((

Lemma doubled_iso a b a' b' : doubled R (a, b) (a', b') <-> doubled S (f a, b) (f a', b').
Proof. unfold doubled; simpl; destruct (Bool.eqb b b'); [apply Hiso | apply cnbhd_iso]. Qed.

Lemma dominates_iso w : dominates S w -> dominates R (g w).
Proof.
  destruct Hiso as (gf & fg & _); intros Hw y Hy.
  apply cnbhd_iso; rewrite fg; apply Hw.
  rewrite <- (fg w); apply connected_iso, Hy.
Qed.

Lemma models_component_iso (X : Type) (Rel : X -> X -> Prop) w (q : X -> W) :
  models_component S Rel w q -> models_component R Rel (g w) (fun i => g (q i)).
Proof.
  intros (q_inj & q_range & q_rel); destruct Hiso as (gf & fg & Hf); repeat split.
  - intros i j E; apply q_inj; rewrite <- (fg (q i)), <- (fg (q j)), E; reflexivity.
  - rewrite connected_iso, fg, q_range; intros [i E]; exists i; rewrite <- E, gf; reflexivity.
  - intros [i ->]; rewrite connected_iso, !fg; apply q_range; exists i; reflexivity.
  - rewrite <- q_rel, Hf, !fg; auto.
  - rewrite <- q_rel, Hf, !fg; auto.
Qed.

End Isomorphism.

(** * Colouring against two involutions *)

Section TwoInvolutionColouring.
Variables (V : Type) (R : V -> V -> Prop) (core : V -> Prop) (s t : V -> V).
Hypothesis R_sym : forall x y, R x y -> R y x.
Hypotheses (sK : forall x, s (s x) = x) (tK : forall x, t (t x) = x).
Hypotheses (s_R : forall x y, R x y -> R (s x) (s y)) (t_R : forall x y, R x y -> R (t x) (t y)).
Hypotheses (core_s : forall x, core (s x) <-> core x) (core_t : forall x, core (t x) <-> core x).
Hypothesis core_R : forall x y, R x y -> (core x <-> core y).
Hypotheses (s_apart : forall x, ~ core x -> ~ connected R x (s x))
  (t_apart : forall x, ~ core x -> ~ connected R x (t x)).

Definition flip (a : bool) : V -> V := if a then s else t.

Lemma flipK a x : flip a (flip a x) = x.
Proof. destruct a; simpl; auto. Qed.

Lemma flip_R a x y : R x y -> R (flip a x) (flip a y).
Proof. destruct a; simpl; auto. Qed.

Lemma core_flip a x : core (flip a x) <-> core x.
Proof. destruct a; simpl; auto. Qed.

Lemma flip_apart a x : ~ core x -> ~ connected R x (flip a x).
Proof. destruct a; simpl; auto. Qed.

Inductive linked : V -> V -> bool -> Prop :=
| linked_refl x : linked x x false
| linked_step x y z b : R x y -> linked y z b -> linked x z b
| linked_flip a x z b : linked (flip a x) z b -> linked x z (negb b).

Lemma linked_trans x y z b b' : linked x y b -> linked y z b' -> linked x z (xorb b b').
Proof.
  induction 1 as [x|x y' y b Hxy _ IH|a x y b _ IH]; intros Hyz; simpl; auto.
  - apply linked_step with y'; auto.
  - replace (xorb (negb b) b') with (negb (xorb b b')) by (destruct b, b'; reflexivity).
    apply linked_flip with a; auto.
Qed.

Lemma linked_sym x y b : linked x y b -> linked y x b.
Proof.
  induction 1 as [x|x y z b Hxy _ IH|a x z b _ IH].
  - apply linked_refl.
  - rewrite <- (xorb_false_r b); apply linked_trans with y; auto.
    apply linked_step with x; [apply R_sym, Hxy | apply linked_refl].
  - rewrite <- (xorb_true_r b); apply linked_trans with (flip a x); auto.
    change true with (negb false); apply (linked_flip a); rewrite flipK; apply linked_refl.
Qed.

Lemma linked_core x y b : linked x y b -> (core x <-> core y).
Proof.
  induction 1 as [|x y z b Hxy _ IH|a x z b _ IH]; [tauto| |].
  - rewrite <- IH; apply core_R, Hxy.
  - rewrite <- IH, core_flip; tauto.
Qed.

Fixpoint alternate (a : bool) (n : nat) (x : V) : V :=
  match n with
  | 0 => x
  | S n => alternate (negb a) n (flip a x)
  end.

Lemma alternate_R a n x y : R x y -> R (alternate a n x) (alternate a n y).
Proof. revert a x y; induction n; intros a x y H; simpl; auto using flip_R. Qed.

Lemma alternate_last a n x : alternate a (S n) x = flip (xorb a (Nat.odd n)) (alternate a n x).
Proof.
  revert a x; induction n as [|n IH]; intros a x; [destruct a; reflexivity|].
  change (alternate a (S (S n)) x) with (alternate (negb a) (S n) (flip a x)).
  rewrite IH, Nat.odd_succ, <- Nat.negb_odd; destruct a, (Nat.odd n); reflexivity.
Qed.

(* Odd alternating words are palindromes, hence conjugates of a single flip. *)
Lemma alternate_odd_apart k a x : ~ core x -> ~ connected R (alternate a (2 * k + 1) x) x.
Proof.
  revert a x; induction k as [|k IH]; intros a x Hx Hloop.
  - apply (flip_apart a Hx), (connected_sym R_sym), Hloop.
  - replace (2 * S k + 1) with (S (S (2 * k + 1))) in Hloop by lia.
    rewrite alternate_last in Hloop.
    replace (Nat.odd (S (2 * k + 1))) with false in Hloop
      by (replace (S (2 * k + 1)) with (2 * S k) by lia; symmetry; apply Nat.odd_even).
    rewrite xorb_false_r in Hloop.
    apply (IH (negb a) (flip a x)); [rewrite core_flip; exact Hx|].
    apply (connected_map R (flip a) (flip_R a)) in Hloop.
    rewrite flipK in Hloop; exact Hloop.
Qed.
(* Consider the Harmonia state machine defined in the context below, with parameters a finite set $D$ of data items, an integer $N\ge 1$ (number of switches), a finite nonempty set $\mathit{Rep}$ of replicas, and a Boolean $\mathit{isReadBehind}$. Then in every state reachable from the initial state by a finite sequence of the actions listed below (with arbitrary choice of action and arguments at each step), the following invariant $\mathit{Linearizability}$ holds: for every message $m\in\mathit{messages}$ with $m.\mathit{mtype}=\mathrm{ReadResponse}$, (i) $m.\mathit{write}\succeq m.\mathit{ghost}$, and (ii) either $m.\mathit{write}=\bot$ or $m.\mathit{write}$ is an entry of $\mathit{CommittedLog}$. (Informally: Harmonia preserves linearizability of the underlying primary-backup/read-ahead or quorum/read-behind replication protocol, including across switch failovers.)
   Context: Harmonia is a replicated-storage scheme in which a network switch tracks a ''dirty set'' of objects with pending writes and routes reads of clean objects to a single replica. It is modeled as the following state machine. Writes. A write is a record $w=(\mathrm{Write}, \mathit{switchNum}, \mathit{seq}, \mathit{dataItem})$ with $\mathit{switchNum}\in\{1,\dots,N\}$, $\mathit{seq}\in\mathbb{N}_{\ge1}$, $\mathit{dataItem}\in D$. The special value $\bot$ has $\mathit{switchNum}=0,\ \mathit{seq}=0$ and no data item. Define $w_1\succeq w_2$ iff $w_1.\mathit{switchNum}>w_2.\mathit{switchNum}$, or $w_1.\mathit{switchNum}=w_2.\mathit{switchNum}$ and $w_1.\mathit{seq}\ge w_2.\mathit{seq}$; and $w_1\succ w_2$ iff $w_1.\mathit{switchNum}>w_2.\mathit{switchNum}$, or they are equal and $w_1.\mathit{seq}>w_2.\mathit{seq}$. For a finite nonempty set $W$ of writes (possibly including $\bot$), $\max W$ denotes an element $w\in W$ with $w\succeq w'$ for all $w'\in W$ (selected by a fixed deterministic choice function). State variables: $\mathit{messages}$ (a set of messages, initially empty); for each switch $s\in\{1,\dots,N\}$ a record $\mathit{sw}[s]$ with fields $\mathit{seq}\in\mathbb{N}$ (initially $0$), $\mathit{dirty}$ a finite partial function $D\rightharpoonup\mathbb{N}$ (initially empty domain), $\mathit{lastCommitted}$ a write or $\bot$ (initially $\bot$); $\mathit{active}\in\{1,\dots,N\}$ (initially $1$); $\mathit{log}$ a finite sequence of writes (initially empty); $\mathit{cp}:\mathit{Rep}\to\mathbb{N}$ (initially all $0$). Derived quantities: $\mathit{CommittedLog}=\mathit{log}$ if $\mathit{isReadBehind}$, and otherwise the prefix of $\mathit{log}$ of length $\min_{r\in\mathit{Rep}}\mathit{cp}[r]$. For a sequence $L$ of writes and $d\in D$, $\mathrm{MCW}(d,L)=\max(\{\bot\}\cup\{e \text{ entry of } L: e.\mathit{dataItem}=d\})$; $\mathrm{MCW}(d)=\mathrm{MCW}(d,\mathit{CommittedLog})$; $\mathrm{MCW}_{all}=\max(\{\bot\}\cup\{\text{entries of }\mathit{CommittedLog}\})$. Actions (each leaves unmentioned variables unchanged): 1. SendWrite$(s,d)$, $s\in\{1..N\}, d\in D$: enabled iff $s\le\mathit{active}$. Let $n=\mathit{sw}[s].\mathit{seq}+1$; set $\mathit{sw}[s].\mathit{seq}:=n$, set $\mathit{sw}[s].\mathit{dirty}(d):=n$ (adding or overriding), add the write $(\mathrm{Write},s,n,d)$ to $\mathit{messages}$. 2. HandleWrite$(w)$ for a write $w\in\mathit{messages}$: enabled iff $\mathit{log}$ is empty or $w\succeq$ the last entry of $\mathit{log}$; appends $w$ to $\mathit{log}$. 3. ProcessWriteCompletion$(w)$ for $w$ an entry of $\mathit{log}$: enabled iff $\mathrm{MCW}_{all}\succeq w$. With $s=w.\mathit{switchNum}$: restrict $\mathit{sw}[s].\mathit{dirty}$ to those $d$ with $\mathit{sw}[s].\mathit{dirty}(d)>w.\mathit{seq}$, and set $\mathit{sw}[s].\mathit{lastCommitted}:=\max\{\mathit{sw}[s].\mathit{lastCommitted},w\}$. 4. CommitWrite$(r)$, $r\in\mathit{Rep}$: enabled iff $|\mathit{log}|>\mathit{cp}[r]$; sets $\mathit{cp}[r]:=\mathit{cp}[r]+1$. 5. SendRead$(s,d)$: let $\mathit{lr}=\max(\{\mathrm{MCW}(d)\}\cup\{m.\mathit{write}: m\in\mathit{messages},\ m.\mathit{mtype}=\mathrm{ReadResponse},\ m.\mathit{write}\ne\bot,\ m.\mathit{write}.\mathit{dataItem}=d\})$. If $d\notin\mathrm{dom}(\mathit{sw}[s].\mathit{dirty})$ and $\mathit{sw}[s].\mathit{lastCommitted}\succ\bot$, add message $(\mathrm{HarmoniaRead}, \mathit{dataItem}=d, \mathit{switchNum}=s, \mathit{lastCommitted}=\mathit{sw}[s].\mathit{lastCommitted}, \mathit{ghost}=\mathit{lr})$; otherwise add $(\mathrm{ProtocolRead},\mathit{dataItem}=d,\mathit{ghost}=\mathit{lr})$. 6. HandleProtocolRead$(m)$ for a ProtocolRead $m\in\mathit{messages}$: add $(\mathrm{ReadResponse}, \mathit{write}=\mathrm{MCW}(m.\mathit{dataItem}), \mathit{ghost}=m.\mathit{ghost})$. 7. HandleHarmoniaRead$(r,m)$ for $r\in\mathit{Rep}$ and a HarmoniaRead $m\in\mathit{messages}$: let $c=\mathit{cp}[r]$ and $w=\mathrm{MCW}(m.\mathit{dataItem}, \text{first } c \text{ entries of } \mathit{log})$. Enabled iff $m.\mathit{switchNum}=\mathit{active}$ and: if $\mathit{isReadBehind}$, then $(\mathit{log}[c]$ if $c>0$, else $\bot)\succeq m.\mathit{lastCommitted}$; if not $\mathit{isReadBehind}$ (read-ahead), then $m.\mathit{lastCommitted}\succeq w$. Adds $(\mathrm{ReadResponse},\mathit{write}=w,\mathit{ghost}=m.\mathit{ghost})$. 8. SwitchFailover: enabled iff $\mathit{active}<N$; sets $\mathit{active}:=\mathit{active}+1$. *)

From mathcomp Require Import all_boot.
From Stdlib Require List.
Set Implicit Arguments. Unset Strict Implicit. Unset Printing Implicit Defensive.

))

● Your goal: Copy exactly the opening line of the material, the line bearing "intros (q_inj &", and every line between them. Include nothing else.

● Result:
Lemma doubled_iso a b a' b' : doubled R (a, b) (a', b') <-> doubled S (f a, b) (f a', b').
Proof. unfold doubled; simpl; destruct (Bool.eqb b b'); [apply Hiso | apply cnbhd_iso]. Qed.

Lemma dominates_iso w : dominates S w -> dominates R (g w).
Proof.
  destruct Hiso as (gf & fg & _); intros Hw y Hy.
  apply cnbhd_iso; rewrite fg; apply Hw.
  rewrite <- (fg w); apply connected_iso, Hy.
Qed.

Lemma models_component_iso (X : Type) (Rel : X -> X -> Prop) w (q : X -> W) :
  models_component S Rel w q -> models_component R Rel (g w) (fun i => g (q i)).
Proof.
  intros (q_inj & q_range & q_rel); destruct Hiso as (gf & fg & Hf); repeat split.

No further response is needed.